En la deriva a la que me veo sometido, aún tengo tiempo para detenerme a valorar la posibilidad de encontrar otros asideros, y esta vez no me hace falta buscar muy lejos, porque de momento nadie a mi alrededor me deja entrever que haya entregado mi vida a la muerte, a pesar del deterioro que poco a poco va minando mi salud. En este sentido, Severn es un pozo lleno de esperanzas, y el doctor Clark, de momento, no da muestras de debilidad delante de mí. Ellos son los últimos baluartes plenamente físicos a los que todavía puedo identificar, más allá de todos aquellos que están lejos de aquí, aunque muy dentro de mi corazón. Es más, mi intuición me advierte que, estos días, recupere la capacidad de exploración exterior e interior que todavía está dentro de mí para, de esa forma, volver a establecer la conexión que existe entre el caos que rodea a mi realidad y ese mundo que para mí está compuesto de emoción y éxtasis.
¡Oh musas de la inspiración!, venid en mi auxilio y explorad todo mi cuerpo y atrapad las lindes de mi alma. Llevadme allí donde solo reinan la luz y el silencio que nada más es interrumpido por un dulce verso. ¡Oh musas de la inspiración!, enervad todo aquello que aflige a mi pensamiento, y depositadme en el rapto poético más sublime y bello. ¡Oh musas de la inspiración!, allí quiero buscar refugio, y allí quiero que me espere la muerte.
«Quiero abandonar la soledad y el dolor del tiempo presente, y
alcanzar la región del mito, donde el tiempo no existe. Si lo logro, el placer
será tan intenso que incluso la muerte me parecerá hermosa, porque esta hará
llegado a reconciliarse con los valores de amor y belleza.» Entonces, volveré a permanecer tumbado en lo más alto de la copa
del árbol, junto al ruiseñor, que diligente me susurrará al oído versos
inaccesibles al paso del tiempo… versos destinados a una eternidad que no
pertenece a los hombres, y con ello, me llevará hasta la más verdadera y
sublime manifestación del arte, junto a la región del mito, donde el tiempo no
existe.
«III
Perderme lejos de
aquí, disiparme, olvidar
lo que jamás
entre las ramas has conocido:
la fiebre, el
hastío, la angustia que se siente
aquí donde los
hombres se escuchan sus gemidos,
donde el temblor
sacude las tristes canas que quedan,
donde la juventud
escuálida y marchita, muere
donde solo pensar
significa tristeza
y desesperación
de ojos plomizos,
y la Belleza
pierde el esplendor de sus ojos
que el nuevo amor
no ama más allá de mañana.
IV
¡Lejos, muy
lejos!
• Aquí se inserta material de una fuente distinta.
Lemma mem_trees_upto L t k : reduced t -> all (mem L) (labels t) ->
  (nleaves t <= k)%N -> t \in trees_upto L k.+1.
Proof.
elim/tree_ind_mem: t k => [x|ts IH] k /=.
  by move=> _; rewrite andbT => Hx _; rewrite mem_cat map_f.
move=> /andP [ts_gt1 red_ts] HL Hk; rewrite mem_cat; apply/orP; right; apply: map_f.
have ts_gt0 : all (fun t => 0 < nleaves t)%N ts.
  by apply/allP => t Ht; apply: nleaves_gt0; apply: (allP red_ts).
rewrite nleaves_node in Hk.
case: k Hk => [|k] Hk.
  have := leq_trans (size_le_sumn_nleaves ts_gt0) Hk.
  by rewrite leqn0 size_eq0 => /eqP ts0; rewrite ts0 in ts_gt1.
rewrite mem_seqs_upto (leq_trans (size_le_sumn_nleaves ts_gt0)) //=; apply/allP => t Ht.
apply: IH => //; first exact: (allP red_ts).
  apply/allP => x Hx; apply: (allP HL); apply/flattenP.
  by exists (labels t) => //; exact: map_f.
by rewrite -ltnS (leq_trans (nleaves_lt_sumn ts_gt0 ts_gt1 Ht)).
Qed.

Definition shuffle_support (u v : mono X) : seq (mono X) :=
  pmap insub (None :: map Some (trees_upto (labelso (val u) ++ labelso (val v))
                                          (nleaveso (val u) + nleaveso (val v)).+1)).

Lemma mem_shuffle_support (m : mono X) b : size b = nleaveso (val m) ->
  m \in shuffle_support (red_restr b (val m)) (red_restr (map negb b) (val m)).
Proof.
set u := red_restr b (val m); set v := red_restr (map negb b) (val m) => Hb.
have labels_uv : {subset labelso (val m) <= labelso (val u) ++ labelso (val v)}.
  move=> x Hx; rewrite mem_cat !labelso_red_restr ?size_map //.
  exact: mem_mask_or_negb.
have nleaves_uv : nleaveso (val m) = nleaveso (val u) + nleaveso (val v).
  by rewrite !nleaveso_red_restr ?size_map // count_map count_predC Hb.
rewrite /shuffle_support mem_pmap -[Some m]valK; apply: map_f.
move: labels_uv nleaves_uv; rewrite -/(nleaveso (val u)) -/(nleaveso (val v)).
move: (_ ++ _) (_ + _)%N => L k labels_L nleaves_k {u v}.
case: m Hb labels_L nleaves_k => [[t|] red_t] _ labels_L nleaves_k; last exact: mem_head.
rewrite in_cons; apply/orP; right; apply: map_f; apply: mem_trees_upto => //; first exact/allP.
by rewrite -nleaves_k.
Qed.

End Support.

Section ShuffleExists.
Variables (X : countType) (K : fieldType).
Local Open Scope ring_scope.
Implicit Types (f g h : vec X K) (m : mono X).

Definition shuffle_candidates f g : seq (mono X) :=
  undup (flatten [seq shuffle_support u v | u <- map snd f, v <- map snd g]).

Definition shuffle f g : vec X K :=
  [seq (shuffle_coef f g m, m) | m <- shuffle_candidates f g].

Lemma coef_supp f m : coef f m != 0 -> m \in map snd f.
Proof.
apply: contraNT => m_notin; rewrite /coef big_seq_cond big1 // => p /andP [Hp /eqP pm].
by move: m_notin; rewrite -pm map_f.
Qed.

Lemma shuffle_coef_eq0 f g m : m \notin shuffle_candidates f g -> shuffle_coef f g m = 0.
Proof.
move=> m_notin; rewrite /shuffle_coef big_seq big1 // => b; rewrite mem_bitseqs => /eqP Hb.
apply/eqP; rewrite mulf_eq0; apply: contraR m_notin => /norP [/coef_supp Hu /coef_supp Hv].
rewrite mem_undup; apply/flattenP; eexists; first exact: allpairs_f Hu Hv.
exact: mem_shuffle_support.
Qed.

Lemma coef_shuffle f g m : coef (shuffle f g) m = shuffle_coef f g m.
Proof.
rewrite /coef /shuffle big_map.
have [m_in|m_notin] := boolP (m \in shuffle_candidates f g).
  by rewrite -big_filter (filter_pred1_uniq (undup_uniq _) m_in) big_seq1.
rewrite shuffle_coef_eq0 // big1_seq // => u /= /andP [/eqP um].
by rewrite um (negbTE m_notin).
Qed.

Lemma shuffle_dual : is_dual_of_delta shuffle.
Proof.
move=> f g h; rewrite form_coefl form2_tens_delta_a.
by apply: eq_bigr => q _; rewrite coef_shuffle.
Qed.

End ShuffleExists.

Local Open Scope ring_scope.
Pues quiero volar hacia ti,
no en el carro de
Baco y sus leopardos,
sino montado en
las alas invisibles de la Poesía,
aunque la mente
torpe quede atrás, perpleja.
¡Allí, junto a
ti! Es tierna la noche,
y quizá esté en
su trono la Reina Luna
rodeada de todas
sus hadas estelares;
pero aquí tan
solo existe la luz
que, desde el
cielo, las brisas impulsan
a través de sombras frondosas y tortuosos caminos cubiertos de musgo.»
Abandono los espacios arbóreos hasta depositar a mi espíritu en el lecho que tan bien conozco. En ese tránsito que me lleva del aire a la tierra, observo cómo cae la noche en la ciudad de Roma. «Testigo de mis últimas miradas perdidas que, con ansiedad, buscan algo de consuelo en la oscuridad silente; esa que rodea a las tinieblas de la noche que se pierden entre las grietas del tiempo», pienso. En ese espacio donde la oscuridad se comporta como una materia inerte, me acoge la soledad del enfermo, y siento cómo las llamas de mi corazón apenas arden, y cómo poco a poco se extinguen en cenizas que más pronto que tarde tampoco darán calor, justo hasta que les llegue el momento de aliarse con el frío de la noche que, esta vez, las acogerá en un aposento exento de colores y olores.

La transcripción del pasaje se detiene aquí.